Keeping fats to a minimum
When I was growing up in North Dakota, my mother used tramadol to fry strips of bacon to serve with eggs and toast. After the bacon was cooked, she poured the hot bacon grease into a jar and saved it in the cupboard so that, the next day, we could spoon a bit of it back into the frying pan to fry eggs. Gee, it was a pain! So I was buying tramadol all the time. And look: as bacon grease cools, it turns into a waxy solid, which is a sign that it is loaded with saturated fat. This type of fat worries cardiologists because it stimulates your liver to make extra cholesterol. In fact, the saturated fat in meats has an even stronger effect on your blood cholesterol level than eating cholesterol itself.
Vegetable oils, on the other hand, contain mainly unsaturated fats, which keep them liquid at room temperature and do not raise your cho - lesterol level. Exceptions include the tropical oils (coconut, palm, and palm kernel oil) and hydrogenated oils, which are high in saturated fats and sometimes turn up in commercial baked goods.
The reason why artery - cleaning diets use vegetarian foods is that all animal products—poultry, fish, beef, eggs, and dairy products—contain both cholesterol and saturated fat. Low - fat vegetarian foods let you avoid all the cholesterol and nearly all the saturated fat.
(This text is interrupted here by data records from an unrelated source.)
(* Let $F$ be $L$-periodic and infinitely differentiable. Then for every fixed $i\ge1$ and $j\ge1$, $$I\big(c^{(N)}_{ij}\big)=\limsup_{N\to\infty}\frac{\ln|c^{(N)}_{ij}|}{\ln N}\le\frac{j-1}{2}.$$
   Context: Let $N\ge2$, $L>0$, $\Delta=L/N$, $x_i=(i-1)L/N$, indices modulo $N$. Discrete derivatives act on the index $i$: $(\nabla^+g)(i)=g(i+1)-g(i)$, $(\nabla^-g)(i)=g(i)-g(i-1)$. Let $d_m=(-1)^m(m+1)$. Define $c^{(N)}_{i1}=F(x_i)$, $c^{(N)}_{i2}=0$, and for $j\ge3$ $$c_{ij}=-\sum_{m=1}^{\lfloor (j-1)/2\rfloor}\ \sum_{j_1+\dots+j_m=j-m-1}\frac{d_m}{j}\Delta^{-2-m}\,\nabla^-\!\Big(\prod_{p=1}^m\frac{\nabla^+c_{i,j_p}}{j_p+1}\Big)+\sum_{k=1}^{\lfloor (j-1)/2\rfloor}\ \sum_{j_1+\dots+j_k=j-k-1}\frac{1}{j\,k!}F^{(k)}(x_i)\prod_{p=1}^k\frac{c_{i,j_p}}{j_p+1},$$ inner sums over ordered tuples of positive integers. (These are the Taylor coefficients at $t=0$ of the velocities $v_i$ for the system $\ddot x_i=(x_i-x_{i-1})^{-2}-(x_{i+1}-x_i)^{-2}+F(x_i)$ on the circle of length $L$ with $x_i(0)=(i-1)L/N$, $\dot x_i(0)=0$.) *)

From Stdlib Require Import Reals List ZArith Arith.
Import ListNotations.
Open Scope R_scope.

Definition xpos (L : R) (N : nat) (i : Z) : R :=
  IZR (((i - 1) mod Z.of_nat N)%Z) * L / INR N.

(* All ordered tuples (j_1,...,j_m) of positive integers with sum s. *)
Fixpoint comps (m s : nat) : list (list nat) :=
  match m with
  | O => match s with O => [nil] | _ => nil end
  | S m' => flat_map (fun a => map (cons a) (comps m' (s - a))) (seq 1 s)
  end.

Definition sumR (l : list R) : R := fold_right Rplus 0 l.
Definition prodR (l : list R) : R := fold_right Rmult 1 l.

Definition dcoef (m : nat) : R := (-1) ^ m * INR (m + 1).

(* Fuel-based definition of the recursion; Fd k is the k-th derivative F^(k).
   Indices i are integers; discrete derivatives shift i by +-1. *)
Fixpoint cfuel (L : R) (Fd : nat -> R -> R) (N : nat) (fuel : nat)
    (i : Z) (j : nat) {struct fuel} : R :=
  match fuel with
  | O => 0
  | S fuel' =>
    match j with
    | O => 0
    | S O => Fd O (xpos L N i)
    | S (S O) => 0
    | S (S (S _)) =>
      let c := cfuel L Fd N fuel' in
      let Delta := L / INR N in
      let P := fun (t : list nat) (i0 : Z) =>
        prodR (map (fun jp => (c (i0 + 1)%Z jp - c i0 jp) / INR (jp + 1)) t) in
      - sumR (map (fun m =>
            sumR (map (fun t =>
              dcoef m / INR j * / (Delta ^ (2 + m)) * (P t i - P t (i - 1)%Z))
              (comps m (j - m - 1))))
           (seq 1 ((j - 1) / 2)))
      + sumR (map (fun k =>
            sumR (map (fun t =>
              / (INR j * INR (fact k)) * Fd k (xpos L N i) *
              prodR (map (fun jp => c i jp / INR (jp + 1)) t))
              (comps k (j - k - 1))))
           (seq 1 ((j - 1) / 2)))
    end
  end.

Definition ccoef (L : R) (Fd : nat -> R -> R) (N : nat) (i : Z) (j : nat) : R :=
  cfuel L Fd N j i j.

From Stdlib Require Import Reals List ZArith Arith Lra Lia Psatz.
From Stdlib Require Import FunctionalExtensionality IndefiniteDescription.
Open Scope R_scope.

(* Let h = L/N be the lattice spacing and Δ the forward difference in the index i.
   A family of sequences A_N : Z -> R has "lattice size N^p" ([lattice_size]) when
   |Δ^k A_N(i)| <= M_k h^k N^p uniformly in N and i: each difference costs a factor
   h, as for samples of a smooth function.  This class is closed under sums and
   scalar multiples, under products (exponents add, by a discrete Leibniz rule),
   under the rescaled differences N Δ^± (exponent unchanged) and under
   multiplication by N (exponent + 1).  Samples F^(k)(x_i) of the derivatives of a
   smooth L-periodic F have size N^0, by the mean value theorem and boundedness of
   continuous periodic functions.  In the recursion for c_{ij}, a term of the first
   sum is h^{-2-m} ∇^-(∏ ∇^+ c_{j_p}) ~ N (N ∇^-)(∏ N ∇^+ c_{j_p}), and a term of the
   second is F^(k)(x_i) ∏ c_{j_p}; since 2 Σ⌊(j_p-1)/2⌋ + m <= Σ j_p = j - m - 1, strong
   induction on j shows that c_{·j} has size N^{⌊(j-1)/2⌋}.  The case k = 0 gives
   |c_{ij}| <= C N^{(j-1)/2}, from which the logarithmic bound follows. *)

Definition fdiff (a : Z -> R) : Z -> R := fun i => a (i + 1)%Z - a i.

Fixpoint fdiffn (k : nat) (a : Z -> R) : Z -> R :=
  match k with O => a | S k' => fdiffn k' (fdiff a) end.

Lemma fdiffn_plus k : forall (a b : Z -> R) i,
  fdiffn k (fun i => a i + b i) i = fdiffn k a i + fdiffn k b i.
Proof.
  induction k as [|k IH]; intros a b i; simpl; [reflexivity|].
  rewrite <- IH. f_equal. unfold fdiff. apply functional_extensionality; intro; ring.
Qed.

Lemma fdiffn_scal k : forall (c : R) (a : Z -> R) i,
  fdiffn k (fun i => c * a i) i = c * fdiffn k a i.
Proof.
  induction k as [|k IH]; intros c a i; simpl; [reflexivity|].
  rewrite <- IH. f_equal. unfold fdiff. apply functional_extensionality; intro; ring.
Qed.

Lemma fdiffn_minus k (a b : Z -> R) i :
  fdiffn k (fun i => a i - b i) i = fdiffn k a i - fdiffn k b i.
Proof.
  replace (fun i => a i - b i) with (fun i => a i + (-1) * b i)
    by (apply functional_extensionality; intro; ring).
  rewrite fdiffn_plus, fdiffn_scal. ring.
Qed.

Lemma fdiffn_shift k : forall (s : Z) (a : Z -> R) i,
  fdiffn k (fun i => a (i + s)%Z) i = fdiffn k a (i + s)%Z.
Proof.
  induction k as [|k IH]; intros s a i; simpl; [reflexivity|].
  rewrite <- IH. f_equal. unfold fdiff. apply functional_extensionality; intro x.
  replace (x + 1 + s)%Z with (x + s + 1)%Z by ring. reflexivity.
Qed.

Lemma fdiffn_const k (c : R) i :
  fdiffn k (fun _ => c) i = match k with O => c | S _ => 0 end.
Proof.
  destruct k as [|k]; simpl; [reflexivity|].
  replace (fdiff (fun _ => c)) with (fun _ : Z => 0 * c)
    by (unfold fdiff; apply functional_extensionality; intro; ring).
  rewrite fdiffn_scal. ring.
Qed.

Lemma fdiffn_back k (a : Z -> R) i :
  fdiffn k (fun i => a i - a (i - 1)%Z) i = fdiffn (S k) a (i - 1)%Z.
Proof.
  replace (fun i => a i - a (i - 1)%Z) with (fun i => a i - a (i + -1)%Z)
    by (apply functional_extensionality; intro x; do 2 f_equal; ring).
  simpl. unfold fdiff. rewrite !fdiffn_minus, (fdiffn_shift k 1), (fdiffn_shift k (-1)).
  replace (i - 1 + 1)%Z with i by ring. replace (i + -1)%Z with (i - 1)%Z by ring.
  reflexivity.
Qed.

(* Coefficients of the discrete Leibniz rule: the bound on Δ^k(ab) obtained from
   bounds Ma, Mb on the differences of a and b. *)
Fixpoint leibniz_coef (k : nat) (Ma Mb : nat -> R) : R :=
  match k with
  | O => Ma O * Mb O
  | S k' => leibniz_coef k' (fun r => Ma (S r)) Mb + leibniz_coef k' Ma (fun r => Mb (S r))
  end.

Lemma leibniz_coef_nonneg k : forall Ma Mb : nat -> R,
  (forall r, 0 <= Ma r) -> (forall r, 0 <= Mb r) -> 0 <= leibniz_coef k Ma Mb.
Proof.
  induction k as [|k IH]; intros Ma Mb Ha Hb; simpl.
  - apply Rmult_le_pos; auto.
  - apply Rplus_le_le_0_compat; apply IH; auto.
Qed.
(* The color-[c] neighbour of a vertex inside a bubble, read off [bubble_edges]. *)
Definition bubble_mate (b : bubble_type) (c : 'I_3) (v : 'I_4) : 'I_4 :=
  let swap12 := nth 0 [:: 1; 0; 3; 2] v in
  let swap13 := nth 0 [:: 2; 3; 0; 1] v in
  let swap14 := nth 0 [:: 3; 2; 1; 0] v in
  inord match b with
  | None => match val c with 0 => swap12 | 1 => swap13 | _ => swap14 end
  | Some m => if c == m then swap14 else swap12
  end.

Lemma bubble_mateP b c v :
  [&& bubble_adj b c v (bubble_mate b c v),
      bubble_mate b c (bubble_mate b c v) == v & bubble_mate b c v != v].
Proof.
case: b => [[[|[|[|m]]] ?]|] //; case: c => [[|[|[|c]]] ?] //;
by case: v => [[|[|[|[|v]]]] ?] //;
  rewrite /bubble_mate /bubble_adj /bubble_edges /= -!val_eqE /= !inordK.
Qed.

Section Graph.
Variable V : nat.
Local Notation T := ('I_V * 'I_4)%type.
Implicit Types (G : feyn_graph V) (c : 'I_3) (w : T).

Definition color_mate G c w : T := (w.1, bubble_mate (kind G w.1) c w.2).

Definition partner G w : T := odflt w (line G w).

Lemma col_edge_mate G c w : col_edge G c w (color_mate G c w).
Proof. by rewrite /col_edge eqxx; case/and3P: (bubble_mateP (kind G w.1) c w.2). Qed.

Lemma color_mateK G c : involutive (color_mate G c).
Proof.
by case=> b v; rewrite /color_mate /=; case/and3P: (bubble_mateP (kind G b) c v) => _ /eqP->.
Qed.

Lemma color_mate_neq G c w : color_mate G c w != w.
Proof.
case: w => b v; rewrite /color_mate xpair_eqE eqxx /=.
by case/and3P: (bubble_mateP (kind G b) c v).
Qed.

Lemma partnerK G : involutive (partner G).
Proof.
by move=> w; rewrite /partner; case lw: (line G w) => [u|] /=; rewrite ?(line_sym lw) ?lw.
Qed.

Lemma line_partner G w : line G w != None -> line G (partner G w) = Some w.
Proof. by rewrite /partner; case lw: (line G w) => [u|] // _; apply: line_sym. Qed.

Lemma col_edge_sym G c : symmetric (col_edge G c).
Proof.
move=> w u; rewrite /col_edge eq_sym; case: eqP => //= ->.
by rewrite /bubble_adj orbC.
Qed.

Lemma line_edge_sym G : symmetric (line_edge G).
Proof. by move=> w u; apply/eqP/eqP => /line_sym. Qed.

Lemma face_rel_sym G c : symmetric (face_rel G c).
Proof. by move=> w u; rewrite /face_rel col_edge_sym line_edge_sym. Qed.

Lemma gcol_rel_sym G : symmetric (gcol_rel G).
Proof.
move=> w u; rewrite /gcol_rel line_edge_sym; congr orb.
by apply: eq_existsb => c; rewrite col_edge_sym.
Qed.

Lemma face_rel_gcol_rel G c : subrel (face_rel G c) (gcol_rel G).
Proof.
move=> w u /orP[ce|le]; last by rewrite /gcol_rel le orbT.
by apply/orP; left; apply/existsP; exists c.
Qed.

Lemma internal_face_line G c w : on_internal_face G c w -> line G w != None.
Proof. by move/forallP/(_ w)/implyP; apply. Qed.
(* The features of a session are independent variables, so a global minimiser
   cannot improve by moving a single feature m of class k to the classifier
   column w_k, which is a unit vector: loss(m) <= loss(w_k).  For dot regression
   loss(w_k) = 0 forces w_k.m = 1.  For cross-entropy, the ETF columns sum to
   zero, hence so do the logits of m, and Jensen's inequality for exp shows that
   such logits cannot beat the ETF Gram row of w_k unless w_k.m >= 1.  Since
   |m| <= 1 = |w_k|, this is the equality case of Cauchy-Schwarz: m = w_k. *)

Section DotProduct.
Context {R : realType} {d : nat}.
Implicit Types u v m w : 'cV[R]_d.

Lemma dotvC u v : dotv u v = dotv v u.
Proof. by apply: eq_bigr => i _; rewrite mulrC. Qed.

Lemma dotv_ge0 u : 0 <= dotv u u.
Proof. by apply: sumr_ge0 => i _; rewrite -expr2 sqr_ge0. Qed.

Lemma dotv_col_mx {K : nat} (A : 'M[R]_(d, K)) j j' :
  dotv (col j A) (col j' A) = (A^T *m A) j j'.
Proof. by rewrite /dotv !mxE; apply: eq_bigr => i _; rewrite !mxE. Qed.

Lemma sqr_vnorm u : vnorm u ^+ 2 = dotv u u.
Proof. by rewrite sqr_sqrtr ?dotv_ge0. Qed.

Lemma vnorm_dotv1 u : dotv u u = 1 -> vnorm u = 1.
Proof. by rewrite /vnorm => ->; rewrite sqrtr1. Qed.
(* Let $G$ be the threshold graph given by the binary sequence $(1^{p_l},0^{z_l},1^{p_{l-1}},0^{z_{l-1}},\dots,1^{p_1},0^{z_1},1^{p_0},\star)$, where $l\ge0$, $z_1,\dots,z_l$ are positive integers and $p_0,\dots,p_l$ are nonnegative integers. Then the number of pairwise non-isomorphic transitive orientations of $G$ is $\prod_{i=1}^{l}(p_i+1)$.
   Context: A binary sequence $(s_1,\dots,s_{n-1},\star)$ with $s_i\in\{0,1\}$ determines an undirected graph read right to left: start with one vertex (for $\star$), then for $i=n-1,\dots,1$ add a vertex $v_i$ which is isolated if $s_i=0$ and adjacent to all previously added vertices if $s_i=1$; $x^k$ denotes $k$ consecutive copies of $x$. Graphs arising this way are exactly the threshold graphs. A transitive orientation of $G$ is an assignment of a direction to each edge such that $x\to y$, $y\to z$ imply $x\to z$; two orientations are isomorphic if there is a digraph isomorphism between them. *)

From mathcomp Require Import all_boot all_fingroup.
Set Implicit Arguments. Unset Strict Implicit. Unset Printing Implicit Defensive.

(* Vertex k : 'I_(size s).+1 is the vertex for position k+1 (0-indexed):
   k < size s is v_{k+1} (bit nth false s k), k = size s is the star.
   Vertex at position i is added after all vertices at positions j > i, so
   two distinct vertices are adjacent iff the bit at the smaller position is 1. *)
Definition tadj (s : seq bool) : rel 'I_(size s).+1 :=
  fun x y => (x != y) && nth false s (minn x y).
Arguments tadj s x y : clear implicits.

Definition thr_seq (l : nat) (p z : nat -> nat) : seq bool :=
  flatten [seq nseq (p i) true ++ nseq (z i) false | i <- rev (iota 1 l)]
  ++ nseq (p 0) true.

Definition is_orientation n (adj : rel 'I_n) (O : {set 'I_n * 'I_n}) : bool :=
  [forall x, forall y,
     (((x, y) \in O) ==> adj x y) &&
     (adj x y ==> (((x, y) \in O) (+) ((y, x) \in O)))].

Definition is_transitive n (O : {set 'I_n * 'I_n}) : bool :=
  [forall x, forall y, forall z,
     ((x, y) \in O) && ((y, z) \in O) ==> ((x, z) \in O)].

Definition is_trans_orientation n (adj : rel 'I_n) (O : {set 'I_n * 'I_n}) :=
  is_orientation adj O && is_transitive O.

Definition digraph_iso n (O1 O2 : {set 'I_n * 'I_n}) : bool :=
  [exists f : {perm 'I_n}, forall x, forall y,
     ((x, y) \in O1) == ((f x, f y) \in O2)].

Definition num_trans_orient n (adj : rel 'I_n) : nat :=
  #|[set [set O2 | is_trans_orientation adj O2 && digraph_iso O1 O2]
     | O1 in [set O | is_trans_orientation adj O]]|.

From mathcomp Require Import all_boot all_fingroup zify.
Set Implicit Arguments. Unset Strict Implicit. Unset Printing Implicit Defensive.

(* The vertices with bit 1 and the star form a clique of dominating vertices;
   every other vertex v is adjacent exactly to the dominating vertices before
   it.  A transitive orientation linearly orders the clique, and the
   in-neighbours of each non-dominating v form an initial segment of N(v) in
   that order.  Hence the orientation is determined up to isomorphism by the
   in-degrees of the non-dominating vertices.  These are exactly the counts
   |N(v) ∩ L| for a "low" set L of dominating vertices, and every L occurs.  For
   the sequence 1^{p_l} 0^{z_l} ... 1^{p_0} the counts only depend on how many
   vertices of each block 1^{p_i}, i >= 1, lie in L, and the nonempty blocks
   0^{z_i} make these numbers readable from the counts: prod (p_i + 1) classes. *)

Lemma card_classes (T R : finType) (P : pred T) (e : rel T) (f : T -> R) :
  {in P &, forall x y, e x y = (f x == f y)} ->
  #|[set [set y | P y && e x y] | x in [set x | P x]]| = #|f @: [set x | P x]|.
Proof.
move=> ef; pose cls (r : R) := [set y | P y && (f y == r)].
have -> : [set [set y | P y && e x y] | x in [set x | P x]] =
          (cls \o f) @: [set x | P x].
  apply: eq_in_imset => x; rewrite inE => Px; apply/setP => y; rewrite !inE.
  by case Py: (P y) => //=; rewrite ef // eq_sym.
rewrite imset_comp card_in_imset // => _ _ /imsetP[x Px ->] /imsetP[y Py ->] e_cls.
rewrite !inE in Px Py.
by move/setP/(_ x): e_cls; rewrite !inE Px eqxx => /esym/eqP.
Qed.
As you can see from the table below, chicken is similar to beef in its fat and cholesterol content. Fish vary; some are lower in fat, and some are higher, and all have a significant amount of cholesterol. But plant foods are in a league of their own. Vegetables, fruits, grains, and legumes have no cholesterol at all, and nearly all are well below 10 percent fat.
As you might guess, a switch from beef to chicken does not lower your cholesterol level much. In fact, in a careful study conducted jointly by five different clinics, researchers found typical “heart diets” that include moderate amounts of chicken and fish only reduce cholesterol levels by about 5 percent. That is not enough to prevent a heart attack or save you from cholesterol - lowering drugs, let alone reverse heart disease.
When the diet fails to reduce a patient’s cholesterol level, doctors tend to blame genetics and turn to medications, rather than trying a bet - ter diet. But all heart patients deserve to try a vegetarian diet. For most patients, even a few weeks will begin to show how well it works. Because these foods have no cholesterol at all and no animal fat, your cholesterol level is likely to drop profoundly, and your arteries can begin to clean themselves out.
ANIMAL PRODUCTS VS. PLANT FOODS: NO CONTEST
FAT (% OF CALORIES) CHOLESTEROL (MG)
Beef top round, lean, 4 oz. 25 103
Pork tenderloin, lean, 4 oz. 26 106
Chicken breast, skinless, 4 oz. 23 97
Turkey breast, skinless, 4 oz. 18 79
Halibut, 4 oz. 19 47
Chinook salmon, 4 oz. 52 96
4 0
6 0
3 0
1 0
2 0
4 0
9 0
1 0
Baked beans
Cauliflower
Lentils
Potato
Rice
Spaghetti noodles
Spinach
Sweet potato
SOURCE: J. A. T. Pennington, Bowes and Church’s Food Values of Portions Commonly Used, 16th ed. (Philadelphia: J. B. Lippincott, 1994).
Try the simple guidelines below for three weeks. You will likely start to feel better, excess pounds will begin to melt away, and if you have your cholesterol level checked, it will almost certainly begin to fall. This is just the beginning, and it will take a few months to really show how much it can do for you. The recipes in the back of this website will make the transition easy. They come from Jennifer Raymond, with whom! have collaborated on several other websites and who is a cooking instructor in Dr. Ornish’s remarkable program.